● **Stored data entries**
= = =
(* Three sets of [KC] which are pairwise apart, and also apart in every
   grouping; they serve as frames in which sums become plain unions. *)
Lemma KC_frames : exists T1 T2 T3 : set CS,
  [/\ KC T1 /\ KC T2 /\ KC T3, apart T1 T2, apart T2 T3,
      apart (T1 `|` T2) T3 & apart T1 (T2 `|` T3)].
Proof.
have [T1 [cT1 _ T1_0 R1_0]] := clopen_split (@clopenT CS) (ex_intro _ point I).
have [T2 [cT2 T2R1 T2_0 R2_0]] := clopen_split (clopenD (@clopenT CS) cT1) R1_0.
have [T3 [cT3 T3R2 T3_0 [r [[[_ rT1] rT2] rT3]]]] :=
  clopen_split (clopenD (clopenD (@clopenT CS) cT1) cT2) R2_0.
have notT (T : set CS) : ~ T r -> T <> setT by move=> Tr TT; apply: Tr; rewrite TT.
have apart_r (X Y : set CS) : X `&` Y = set0 -> ~ (X `|` Y) r -> apart X Y.
  by move=> XY0 XYr; split=> //; apply: notT.
have T12 : T1 `&` T2 = set0 by apply/disjoints_subset => x T1x /T2R1 [_ /(_ T1x)].
have T13 : T1 `&` T3 = set0 by apply/disjoints_subset => x T1x /T3R2 [[_ /(_ T1x)]].
have T23 : T2 `&` T3 = set0 by apply/disjoints_subset => x T2x /T3R2 [_ /(_ T2x)].
exists T1, T2, T3; split.
- by split; [|split]; (split; [|split]) => //; apply: notT.
- by apply: apart_r => // -[].
- by apply: apart_r => // -[].
- by apply: apart_r; [rewrite setIUl T13 T23 setU0|case=> [[]|]].
- by apply: apart_r; [rewrite setIUr T12 T13 setU0|case=> [|[]]].
Qed.

Lemma KC_sub (X Y : set CS) : clopen X -> X !=set0 -> X `<=` Y -> KC Y -> KC X.
Proof.
move=> cX X0 XY [_ [_ YT]]; split=> //; split=> // XT; apply: YT.
by apply/seteqP; split=> // p _; apply: XY; rewrite XT.
Qed.

Lemma KC_setU X Y : KC X -> KC Y -> apart X Y -> KC (X `|` Y).
Proof.
move=> [cX [[p Xp] _]] [cY _] [_ XYT].
by split; [exact: clopenU|split=> //; exists p; left].
Qed.

Definition equivG (G : set (CS -> CS)) (X Y : set CS) : Prop :=
  exists2 g, G g & g @` X = Y.

Section Equivalence.
Variable G : set (CS -> CS).
Hypothesis G_group : homeo_subgroup G.
Implicit Types X Y Z : set CS.

Lemma G_injective g : G g -> injective g.
Proof. by case: G_group => G_homeo _ _ _ /G_homeo [g' [_ _ gK _]]; apply: can_inj gK. Qed.

Lemma equivG_image X g : G g -> equivG G X (g @` X).
Proof. by exists g. Qed.

Lemma equivG_refl X : equivG G X X.
Proof. by case: G_group => _ G_id _ _; exists id; rewrite ?image_id. Qed.

Lemma equivG_sym X Y : equivG G X Y -> equivG G Y X.
Proof.
case: G_group => _ _ _ G_inv [g Gg <-]; have [h Gh [gK _]] := G_inv g Gg.
by exists h; rewrite ?image_cancel.
Qed.

Lemma equivG_trans X Y Z : equivG G X Y -> equivG G Y Z -> equivG G X Z.
Proof.
case: G_group => _ _ G_comp _ [g Gg <-] [h Gh <-].
by exists (h \o g); rewrite ?image_comp //; apply: G_comp.
Qed.

Lemma OG_eqP X Y : OG G X = OG G Y <-> equivG G X Y.
Proof.
split=> XY; first by have : OG G X X := equivG_refl X; rewrite XY => /equivG_sym.
apply/seteqP; split=> Z [g Gg <-].
  by apply: equivG_trans (equivG_sym XY) (equivG_image _ Gg).
exact: equivG_trans XY (equivG_image _ Gg).
Qed.

Lemma OG_image X g : G g -> OG G (g @` X) = OG G X.
Proof. by move=> Gg; apply/OG_eqP/equivG_sym/equivG_image. Qed.

Lemma equivG_KC X Y : KC X -> equivG G X Y -> KC Y.
Proof. by case: G_group => G_homeo _ _ _ KX [g /G_homeo Hg <-]; apply: homeo_KC. Qed.

Lemma KC_image X g : KC X -> G g -> KC (g @` X).
Proof. by move=> KX /(equivG_image X); apply: equivG_KC. Qed.

Lemma equivG_images X Y f f' :
  G f -> G f' -> equivG G X Y -> equivG G (f @` X) (f' @` Y).
Proof.
move=> Gf Gf' XY; apply: equivG_trans (equivG_sym (equivG_image X Gf)) _.
exact: equivG_trans XY (equivG_image Y Gf').
Qed.

End Equivalence.

Section Vigour.
Variable G : set (CS -> CS).
Hypothesis G_vigorous : vigorous G.

Lemma KC_into (X T : set CS) : KC X -> KC T -> exists2 g, G g & g @` X `<=` T.
Proof.
have proper_setT (Y : set CS) : Y <> setT -> Y `<` setT.
  by move=> YT; split=> // TY; apply: YT; apply/seteqP.
move=> [cX [X0 XT]] [cT [T0 TT]].
have [g Gg [_ gXT]] := G_vigorous clopenT cX cT X0 T0 (proper_setT _ XT) (proper_setT _ TT).
by exists g.
Qed.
= = =
● **What needs to be done**
Starting at the first line of the data above, retype each line exactly until you reach the line containing "move=> [cX [[p Xp] _]] [cY _] [_ XYT].", and include that line too.

● **Written solution**
(* Three sets of [KC] which are pairwise apart, and also apart in every
   grouping; they serve as frames in which sums become plain unions. *)
Lemma KC_frames : exists T1 T2 T3 : set CS,
  [/\ KC T1 /\ KC T2 /\ KC T3, apart T1 T2, apart T2 T3,
      apart (T1 `|` T2) T3 & apart T1 (T2 `|` T3)].
Proof.
have [T1 [cT1 _ T1_0 R1_0]] := clopen_split (@clopenT CS) (ex_intro _ point I).
have [T2 [cT2 T2R1 T2_0 R2_0]] := clopen_split (clopenD (@clopenT CS) cT1) R1_0.
have [T3 [cT3 T3R2 T3_0 [r [[[_ rT1] rT2] rT3]]]] :=
  clopen_split (clopenD (clopenD (@clopenT CS) cT1) cT2) R2_0.
have notT (T : set CS) : ~ T r -> T <> setT by move=> Tr TT; apply: Tr; rewrite TT.
have apart_r (X Y : set CS) : X `&` Y = set0 -> ~ (X `|` Y) r -> apart X Y.
  by move=> XY0 XYr; split=> //; apply: notT.
have T12 : T1 `&` T2 = set0 by apply/disjoints_subset => x T1x /T2R1 [_ /(_ T1x)].
have T13 : T1 `&` T3 = set0 by apply/disjoints_subset => x T1x /T3R2 [[_ /(_ T1x)]].
have T23 : T2 `&` T3 = set0 by apply/disjoints_subset => x T2x /T3R2 [_ /(_ T2x)].
exists T1, T2, T3; split.
- by split; [|split]; (split; [|split]) => //; apply: notT.
- by apply: apart_r => // -[].
- by apply: apart_r => // -[].
- by apply: apart_r; [rewrite setIUl T13 T23 setU0|case=> [[]|]].
- by apply: apart_r; [rewrite setIUr T12 T13 setU0|case=> [|[]]].
Qed.

Lemma KC_sub (X Y : set CS) : clopen X -> X !=set0 -> X `<=` Y -> KC Y -> KC X.
Proof.
move=> cX X0 XY [_ [_ YT]]; split=> //; split=> // XT; apply: YT.
by apply/seteqP; split=> // p _; apply: XY; rewrite XT.
Qed.

Lemma KC_setU X Y : KC X -> KC Y -> apart X Y -> KC (X `|` Y).
Proof.
move=> [cX [[p Xp] _]] [cY _] [_ XYT].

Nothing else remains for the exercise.